Laurent Le Deunff est un sculpteur français connu pour ses sculptures animalières. Il dépoussière le genre depuis de nombreuses années avec un œuvre aussi discret qu’efficace et drôle.

Il manie depuis longtemps déjà l’art subtil de l’ironie dans un travail multipliant les changements d’échelle, les matériologies diverses et les hybridations multiples pour mieux nous emporter loin d’un genre qui, sans cet humour, pourrait apparaître d’un intérêt relatif ou poussiéreux, pour ne pas dire sans aucun intérêt.

Laurent Le Deunff apparaît dans ce nouvel opus comme un maître des matériaux et des chromies blafardes révélant les matières et les formes dans un accrochage qui contraste avec ce que l’on connaissait de lui dans sa précédente présentation à la galerie.

Il y avait constitué un univers total, remplissant la galerie de copeaux de bois et d’écorces pour créer un environnement qui faisait passer l’exposition pour une installation plus que pour un ensemble de sculptures.

Ici, il joue donc un accrochage très réussi sur des socles blanc (subtilement teintés d’un blanc pas si blanc...) s’élevant à différentes hauteurs. Ils suscitent une dimension ludique dans le rapport aux œuvres et permettent d’appréhender chaque sculpture à sa juste échelle en fonction de sa place dans ce dispositif.

Laurent LE DEUNFF

Galerie Sémiose, Paris
22 juin - 17 août 2024

Lionel Scoccimaro

Très influencé par les techniques variées qu’il manipule autour de pratiques périphériques issues du «art and craft» aussi bien que des techniques traditionnelles de la sculpture sur bois ou de la taille de pierre, Le Deunff multiplie les couches de références. Il manifeste un réel intérêt pour la pratique d’atelier, et l’on sent depuis toujours chez cet artiste un réel attrait pour la manipulation et la transformation de la matière quelle qu’elle soit...

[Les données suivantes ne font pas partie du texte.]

(* Fix integers $m\ge 1$ and $\theta\in(0,1]$, and let $f$ be a homogeneous voting rule. Suppose there is a neighborhood $U$ of the expected normalized profile $\hat P$ (in the space of normalized continuous profiles on candidates $\{1,\dots,m\}$, with the topology of weight vectors in $\mathbb R^{m!}$) such that $f$ is not CM in any continuous profile of $U$. Then $\lim_{n\to\infty}\rho(f,m,n,\theta)=0$.
   Context: A ranking over a finite candidate set is a strict total order on it. A discrete profile $P$ consists of a finite nonempty candidate set, a finite nonempty voter set of size $n$, and a ranking $P_v$ for each voter $v$; $w(p,P)$ is the number of voters with ranking $p$, $w(P)=n$. A continuous profile consists of a candidate set, a total weight $w(P)>0$ and weights $w(p,P)\ge0$ for each ranking $p$ summing to $w(P)$. The normalized profile $\bar P$ has weights $w(p,P)/w(P)$. Profiles on a fixed candidate set are identified with their weight vectors in $\mathbb R^{m!}$. A voting rule maps every profile (discrete or continuous) to one of its candidates; it is homogeneous if $f(P)=f(\bar P)$ always. CM (discrete): $f$ is CM in discrete $P$ if there is a discrete $Q$ with the same candidates and voters, $f(Q)\ne f(P)$, and every voter $v$ with $Q_v\ne P_v$ prefers $f(Q)$ to $f(P)$ according to $P_v$. CM (continuous): $f$ is CM in continuous $P$ if there is a continuous $Q$ with the same candidates and total weight, $f(Q)\ne f(P)$, and every ranking $p$ with $w(p,Q)<w(p,P)$ prefers $f(Q)$ to $f(P)$. Perturbed Culture with parameters $m,n\ge1$ and $\theta\in(0,1]$: a random discrete profile with candidates $\{1,\dots,m\}$ and voters $\{1,\dots,n\}$, where each voter independently has ranking $1\succ 2\succ\cdots\succ m$ with probability $\theta$ and a uniformly random ranking with probability $1-\theta$. The expected normalized profile $\hat P$ is the continuous profile of total weight $1$ in which $1\succ\cdots\succ m$ has weight $\theta+\frac{1-\theta}{m!}$ and every other ranking has weight $\frac{1-\theta}{m!}$. The CM rate $\rho(f,m,n,\theta)$ is the probability that $f$ is CM in a profile drawn from this model. *)

From HB Require Import structures.
From mathcomp Require Import all_boot all_order all_algebra all_fingroup.
From mathcomp Require Import all_classical all_reals all_analysis.
Set Implicit Arguments. Unset Strict Implicit. Unset Printing Implicit Defensive.
Import Order.TTheory GRing.Theory Num.Theory.
Local Open Scope ring_scope.

(* Candidates are 'I_m = {0,...,m-1} (candidate i stands for i+1).
   A ranking is a permutation p of 'I_m, read as: p a = position of
   candidate a (position 0 = top).  The ranking 1 > 2 > ... > m is the
   identity permutation 1%g. *)
Definition ranking (m : nat) := {perm 'I_m}.

Definition prefers m (p : ranking m) (a b : 'I_m) : bool := (p a < p b)%N.

Definition identity_ranking m : ranking m := 1%g.

Definition cprofile (R : realType) m := {ffun ranking m -> R}.

Definition ctotal (R : realType) m (P : cprofile R m) : R := \sum_(p : ranking m) P p.

Definition is_cprofile (R : realType) m (P : cprofile R m) : Prop :=
  (forall p, 0 <= P p) /\ 0 < ctotal P.

Definition cnormalize (R : realType) m (P : cprofile R m) : cprofile R m :=
  [ffun p => P p / ctotal P].

Definition dprofile m n := {ffun 'I_n -> ranking m}.

Definition dweight m n (P : dprofile m n) (p : ranking m) : nat :=
  #|[set v | P v == p]|.

Definition dnormalize (R : realType) m n (P : dprofile m n) : cprofile R m :=
  [ffun p => (dweight P p)%:R / n%:R].

Record voting_rule (R : realType) m := VotingRule {
  vr_disc : forall n, dprofile m n -> 'I_m;
  vr_cont : cprofile R m -> 'I_m }.

Definition homogeneous (R : realType) m (f : voting_rule R m) : Prop :=
  (forall n (P : dprofile m n), (0 < n)%N -> vr_disc f P = vr_cont f (dnormalize R P))
  /\ (forall P : cprofile R m, is_cprofile P -> vr_cont f P = vr_cont f (cnormalize P)).

Definition dCM (R : realType) m n (f : voting_rule R m) (P : dprofile m n) : bool :=
  [exists Q : dprofile m n,
     (vr_disc f Q != vr_disc f P) &&
     [forall v : 'I_n, (Q v != P v) ==> prefers (P v) (vr_disc f Q) (vr_disc f P)]].

Definition cCM (R : realType) m (f : voting_rule R m) (P : cprofile R m) : Prop :=
  exists Q : cprofile R m,
    [/\ is_cprofile Q, ctotal Q = ctotal P, vr_cont f Q != vr_cont f P &
     forall p, Q p < P p -> prefers p (vr_cont f Q) (vr_cont f P)].

Definition pc_prob (R : realType) m n (theta : R) (P : dprofile m n) : R :=
  \prod_(v : 'I_n)
    ((if P v == identity_ranking m then theta else 0) + (1 - theta) / (m`!)%:R).

Definition cm_rate (R : realType) m (f : voting_rule R m) (n : nat) (theta : R) : R :=
  \sum_(P : dprofile m n | dCM f P) pc_prob theta P.

Definition expected_profile (R : realType) m (theta : R) : cprofile R m :=
  [ffun p => (if p == identity_ranking m then theta else 0) + (1 - theta) / (m`!)%:R].

(* A discrete profile drawn from Perturbed Culture is an i.i.d. sample of n rankings with
   law [expected_profile m theta], and its normalization is the empirical distribution of
   that sample.  By homogeneity, a discrete CM profile has a CM normalization, hence lies
   at distance at least eps from the expected profile in some coordinate p.  Each empirical
   frequency has variance at most E p / n, so Chebyshev's inequality summed over p bounds
   the CM rate by 1 / (n eps^2). *)
From HB Require Import structures.
From mathcomp Require Import all_boot all_order all_algebra all_fingroup.
From mathcomp Require Import all_classical all_reals all_analysis.
From mathcomp Require Import ring lra.
Import Order.TTheory GRing.Theory Num.Theory.
Local Open Scope ring_scope.
Import numFieldNormedType.Exports.
Local Open Scope classical_set_scope.

Set Implicit Arguments.
Unset Strict Implicit.

Lemma ler_sum_subset (R : numDomainType) (I : finType) (P Q : pred I) (F : I -> R) :
  (forall i, P i -> Q i) -> (forall i, Q i -> 0 <= F i) ->
  \sum_(i | P i) F i <= \sum_(i | Q i) F i.
Proof.
move=> PQ F_ge0; rewrite big_mkcond [leRHS]big_mkcond; apply: ler_sum => i _.
case: (boolP (P i)) => [Pi|_]; first by rewrite PQ.
by case: ifP => // /F_ge0.
Qed.

Section Empirical.
Variables (R : realType) (T : finType) (n : nat).

Definition empirical (g : {ffun 'I_n -> T}) (p : T) : R :=
  #|[set v | g v == p]%SET|%:R / n%:R.

Lemma card_preim1E (g : {ffun 'I_n -> T}) (p : T) :
  #|[set v | g v == p]%SET|%:R = \sum_v (g v == p)%:R :> R.
Proof.
rewrite -sum1_card natr_sum big_mkcond /=.
by apply: eq_bigr => v _; rewrite inE; case: (g v == p).
Qed.

Lemma empirical_ge0 g p : 0 <= empirical g p.
Proof. by rewrite divr_ge0. Qed.

Lemma sum_empirical g : (0 < n)%N -> \sum_p empirical g p = 1.
Proof.
move=> n_gt0; rewrite -mulr_suml.
under eq_bigr do rewrite card_preim1E.
rewrite exchange_big /=.
have indicator_sum1 v : \sum_p (g v == p)%:R = 1 :> R.
  rewrite (bigD1 (g v)) //= eqxx big1 ?addr0 // => p.
  by rewrite eq_sym => /negbTE ->.
under eq_bigr do rewrite indicator_sum1.
by rewrite sumr_const card_ord mulfV // pnatr_eq0 -lt0n.
Qed.

Lemma empirical_subE g p (c : R) : (0 < n)%N ->
  empirical g p - c = (\sum_v ((g v == p)%:R - c)) / n%:R.
Proof.
move=> n_gt0; rewrite sumrB sumr_const card_ord -card_preim1E /empirical.
by field; rewrite pnatr_eq0 -lt0n.
Qed.
End Empirical.

Section IidWeight.
Variables (R : realType) (T : finType) (n : nat) (E : T -> R).
Hypothesis E_sum1 : \sum_j E j = 1.
Hypothesis E_ge0 : forall j, 0 <= E j.

Definition iid_weight (g : {ffun 'I_n -> T}) : R := \prod_v E (g v).

Lemma iid_weight_ge0 g : 0 <= iid_weight g.
Proof. by apply: prodr_ge0 => v _. Qed.

Lemma sum_iid_weight_prod (h : 'I_n -> T -> R) :
  \sum_g iid_weight g * \prod_v h v (g v) = \prod_v \sum_j E j * h v j.
Proof. by rewrite bigA_distr_bigA; apply: eq_bigr => g _; rewrite -big_split. Qed.

Lemma iid_expect_pair (a b : T -> R) (u v : 'I_n) :
  \sum_g iid_weight g * (a (g u) * b (g v)) =
  if u == v then \sum_j E j * (a j * b j)
  else (\sum_j E j * a j) * (\sum_j E j * b j).
Proof.
pose h t j := (if t == u then a j else 1) * (if t == v then b j else 1).
transitivity (\prod_t \sum_j E j * h t j).
  rewrite -sum_iid_weight_prod; apply: eq_bigr => g _; congr (_ * _).
  by rewrite big_split /= -!big_mkcond !big_pred1_eq.
have h_other t : t != u -> t != v -> \sum_j E j * h t j = 1.
  move=> /negbTE tu /negbTE tv; rewrite -[RHS]E_sum1.
  by apply: eq_bigr => j _; rewrite /h tu tv !mulr1.
case: (eqVneq u v) => [uv|uv]; first subst v.
  rewrite (bigD1 u) //= [X in _ * X]big1 ?mulr1 => [|t tu]; last exact: h_other.
  by apply: eq_bigr => j _; rewrite /h eqxx.
rewrite (bigD1 u) //= (bigD1 v) 1?eq_sym //= [X in _ * (_ * X)]big1.
  rewrite mulr1; congr (_ * _); apply: eq_bigr => j _.
    by rewrite /h eqxx (negbTE uv) mulr1.
  by rewrite /h eqxx eq_sym (negbTE uv) mul1r.
by move=> t /andP[tv tu]; exact: h_other.
Qed.

Lemma iid_count_second_moment (p : T) :
  \sum_g iid_weight g * (\sum_v ((g v == p)%:R - E p)) ^+ 2
  = n%:R * (E p * (1 - E p)).
Proof.
pose a j := (j == p)%:R - E p.
have mean0 : \sum_j E j * a j = 0.
  rewrite /a; under eq_bigr do rewrite mulrBr.
  rewrite sumrB -mulr_suml E_sum1 mul1r (bigD1 p) //= eqxx mulr1.
  by rewrite big1 ?addr0 ?subrr // => j /negbTE ->; rewrite mulr0.
have var : \sum_j E j * (a j * a j) = E p * (1 - E p).
  have E_other : \sum_(j | j != p) E j = 1 - E p.
    by move: E_sum1; rewrite (bigD1 p) //=; lra.
  rewrite (bigD1 p) //= /a eqxx.
  under eq_bigr => j /negbTE -> do rewrite sub0r mulrNN.
  by rewrite -mulr_suml E_other (_ : true%:R = 1 :> R) //; ring.
transitivity (\sum_g \sum_u \sum_v iid_weight g * (a (g u) * a (g v))).
  apply: eq_bigr => g _; rewrite expr2 big_distrlr mulr_sumr.
  by apply: eq_bigr => u _; rewrite mulr_sumr.
rewrite exchange_big; under eq_bigr do rewrite exchange_big.
under eq_bigr do under eq_bigr do rewrite iid_expect_pair mean0 mulr0.
rewrite mulr_natl -[in RHS](card_ord n) -sumr_const; apply: eq_bigr => u _.
by rewrite -big_mkcond (big_pred1 u) // => v; rewrite eq_sym.
Qed.

Lemma iid_empirical_deviation (eps : R) : (0 < n)%N -> 0 < eps ->
  \sum_(g | [exists p, eps <= `|empirical R g p - E p|]) iid_weight g
  <= (n%:R * eps ^+ 2)^-1.
Proof.
move=> n_gt0 eps_gt0.
have n_neq0 : n%:R != 0 :> R by rewrite pnatr_eq0 -lt0n.
have eps_neq0 : eps != 0 by rewrite gt_eqF.
pose D (g : {ffun 'I_n -> T}) p := ((empirical R g p - E p) / eps) ^+ 2.
have markov : \sum_(g | [exists p, eps <= `|empirical R g p - E p|]) iid_weight g
              <= \sum_g iid_weight g * \sum_p D g p.
  rewrite big_mkcond /=; apply: ler_sum => g _.
  have sumD_ge0 : 0 <= \sum_p D g p by apply: sumr_ge0 => p _; exact: sqr_ge0.
  case: existsP => [[p dev]|_]; last exact: mulr_ge0 (iid_weight_ge0 g) sumD_ge0.
  rewrite ler_peMr ?iid_weight_ge0 //.
  apply: le_trans (_ : D g p <= _); last first.
    by rewrite (bigD1 p) //= lerDl; apply: sumr_ge0 => q _; exact: sqr_ge0.
  rewrite /D -real_normK ?num_real // exprn_ege1 //.
  by rewrite normrM normfV (gtr0_norm eps_gt0) ler_pdivlMr // mul1r.
apply: le_trans markov _.
have D_scale g p : D g p =
    (\sum_v ((g v == p)%:R - E p)) ^+ 2 / (n%:R * eps) ^+ 2.
  by rewrite /D empirical_subE //; field; rewrite n_neq0 eps_neq0.
under eq_bigr do rewrite mulr_sumr.
rewrite exchange_big /=.
under eq_bigr do
  [under eq_bigr do rewrite D_scale mulrA; rewrite -mulr_suml iid_count_second_moment].
apply: le_trans (_ : \sum_p E p / (n%:R * eps ^+ 2) <= _); last first.
  by rewrite -mulr_suml E_sum1 mul1r.
apply: ler_sum => p _.
have -> : n%:R * (E p * (1 - E p)) / (n%:R * eps) ^+ 2
          = (E p - E p ^+ 2) / (n%:R * eps ^+ 2) by field; rewrite n_neq0 eps_neq0.
apply: ler_wpM2r; first by rewrite invr_ge0 mulr_ge0 // sqr_ge0.
by rewrite lerBlDr lerDl sqr_ge0.
Qed.
End IidWeight.

Lemma cvg_inv_natrM (R : realType) (c : R) : 0 < c ->
  (n%:R * c)^-1 @[n --> \oo] --> (0 : R).
Proof.
move=> c_gt0.
have -> : (fun n : nat => (n%:R * c)^-1) = (fun n : nat => c^-1 * n%:R^-1).
  by apply/funext => n; rewrite invfM mulrC.
rewrite -(mulr0 c^-1); apply: cvgM; first exact: cvg_cst.
rewrite (@gtr0_cvgV0 R nat \oo _ (fun n : nat => n%:R)); first exact: cvgr_idn.
by exists 1%N => // k; rewrite /= ltr0n.
Qed.

Section PerturbedCulture.
Variables (R : realType) (m : nat) (theta : R).

Lemma expected_profile_ge0 p : 0 <= theta <= 1 -> 0 <= expected_profile m theta p.
Proof.
case/andP => theta_ge0 theta_le1.
by rewrite ffunE addr_ge0 ?divr_ge0 ?subr_ge0 //; case: ifP.
Qed.

Lemma sum_expected_profile : \sum_p expected_profile m theta p = 1.
Proof.
under eq_bigr do rewrite ffunE.
rewrite big_split /= (bigD1 (identity_ranking m)) //= eqxx big1 ?addr0; last first.
  by move=> q /negbTE ->.
rewrite sumr_const card_Sn -mulr_natr; field.
by rewrite pnatr_eq0 -lt0n fact_gt0.
Qed.

Lemma pc_probE n (P : dprofile m n) :
  pc_prob theta P = iid_weight (expected_profile m theta) P.
Proof. by apply: eq_bigr => v _; rewrite ffunE. Qed.
End PerturbedCulture.

Section Homogeneity.
Variables (R : realType) (m n : nat).

Lemma dnormalizeE (P : dprofile m n) p : dnormalize R P p = empirical R P p.
Proof. by rewrite ffunE. Qed.

Lemma dnormalize_cprofile (P : dprofile m n) :
  (0 < n)%N -> is_cprofile (dnormalize R P) /\ ctotal (dnormalize R P) = 1.
Proof.
move=> n_gt0; have total1 : ctotal (dnormalize R P) = 1.
  by rewrite /ctotal; under eq_bigr do rewrite dnormalizeE; exact: sum_empirical.
split=> //; split=> [p|]; first by rewrite dnormalizeE empirical_ge0.
by rewrite total1 ltr01.
Qed.

(* A ranking whose weight drops from P to Q was abandoned by some voter, who by dCM
   prefers the new winner. *)
Lemma dCM_cCM (f : voting_rule R m) (P : dprofile m n) :
  homogeneous f -> (0 < n)%N -> dCM f P -> cCM f (dnormalize R P).
Proof.
move=> [hom_disc _] n_gt0 /existsP [Q /andP [win_neq /forallP manip]].
have [Q_prof Q_total] := dnormalize_cprofile Q n_gt0.
have [_ P_total] := dnormalize_cprofile P n_gt0.
exists (dnormalize R Q); rewrite -!hom_disc //; split => // [|p].
  by rewrite Q_total P_total.
rewrite !ffunE ltr_pM2r ?invr_gt0 ?ltr0n // ltr_nat => lt_weight.
have : ~~ ([set v | P v == p]%SET \subset [set v | Q v == p]%SET).
  by apply: contraTN lt_weight => sub; rewrite -leqNgt subset_leq_card.
case/subsetPn => v; rewrite !inE => /eqP Pv Qv.
by have := manip v; rewrite Pv Qv.
Qed.

Lemma dCM_empirical_far (f : voting_rule R m) (c : cprofile R m) (eps : R)
    (P : dprofile m n) :
  homogeneous f -> (0 < n)%N ->
  (forall Pc : cprofile R m, (forall p, 0 <= Pc p) -> ctotal Pc = 1 ->
     (forall p, `|Pc p - c p| < eps) -> ~ cCM f Pc) ->
  dCM f P -> [exists p, eps <= `|empirical R P p - c p|].
Proof.
move=> hom n_gt0 noCM CM_P; apply/contraT; rewrite negb_exists => /forallP near_c.
have [P_prof P_total] := dnormalize_cprofile P n_gt0.
have close p : `|dnormalize R P p - c p| < eps.
  by rewrite dnormalizeE ltNge near_c.
by case: (noCM _ (proj1 P_prof) P_total close); exact: dCM_cCM.
Qed.
End Homogeneity.

Theorem lemma3p1 (R : realType) (m : nat) (theta : R) (f : voting_rule R m) :
  (0 < m)%N -> 0 < theta -> theta <= 1 ->
  homogeneous f ->
  (exists2 eps : R, 0 < eps &
     forall P : cprofile R m,
       (forall p, 0 <= P p) -> ctotal P = 1 ->
       (forall p, `|P p - expected_profile m theta p| < eps) ->
       ~ cCM f P) ->
  (fun n : nat => cm_rate f n theta) @ \oo --> (0 : R).
Proof.
move=> _ theta_gt0 theta_le1 hom [eps eps_gt0 noCM].
have E_ge0 p : 0 <= expected_profile m theta p.
  by rewrite expected_profile_ge0 // ltW.
apply: (@squeeze_cvgr _ _ _ _ (fun=> 0) (fun n => (n%:R * eps ^+ 2)^-1));
  last 2 first.
- exact: cvg_cst.
- exact/cvg_inv_natrM/exprn_gt0.
exists 1%N => // n /= n_gt0.
have rate_ge0 : 0 <= cm_rate f n theta.
  by apply: sumr_ge0 => P _; rewrite pc_probE iid_weight_ge0.
rewrite rate_ge0 /=.
apply: le_trans (iid_empirical_deviation (sum_expected_profile _ _) E_ge0 n_gt0 eps_gt0).
rewrite /cm_rate; under eq_bigr do rewrite pc_probE.
apply: ler_sum_subset => [P|P _]; last exact: iid_weight_ge0.
exact: dCM_empirical_far.
Qed.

Pour sa nouvelle exposition personnelle à la galerie Sémiose, il annonce la couleur dès l’entrée de ce superbe espace avec une trappe au sol, sorte de piège qu’il nous tend (d’autres nous attendent ailleurs dans l’exposition) et une massue préhistorique de dessin animé en béton de 2 mètres de haut comme pour mieux nous dire qu’il allait frapper fort.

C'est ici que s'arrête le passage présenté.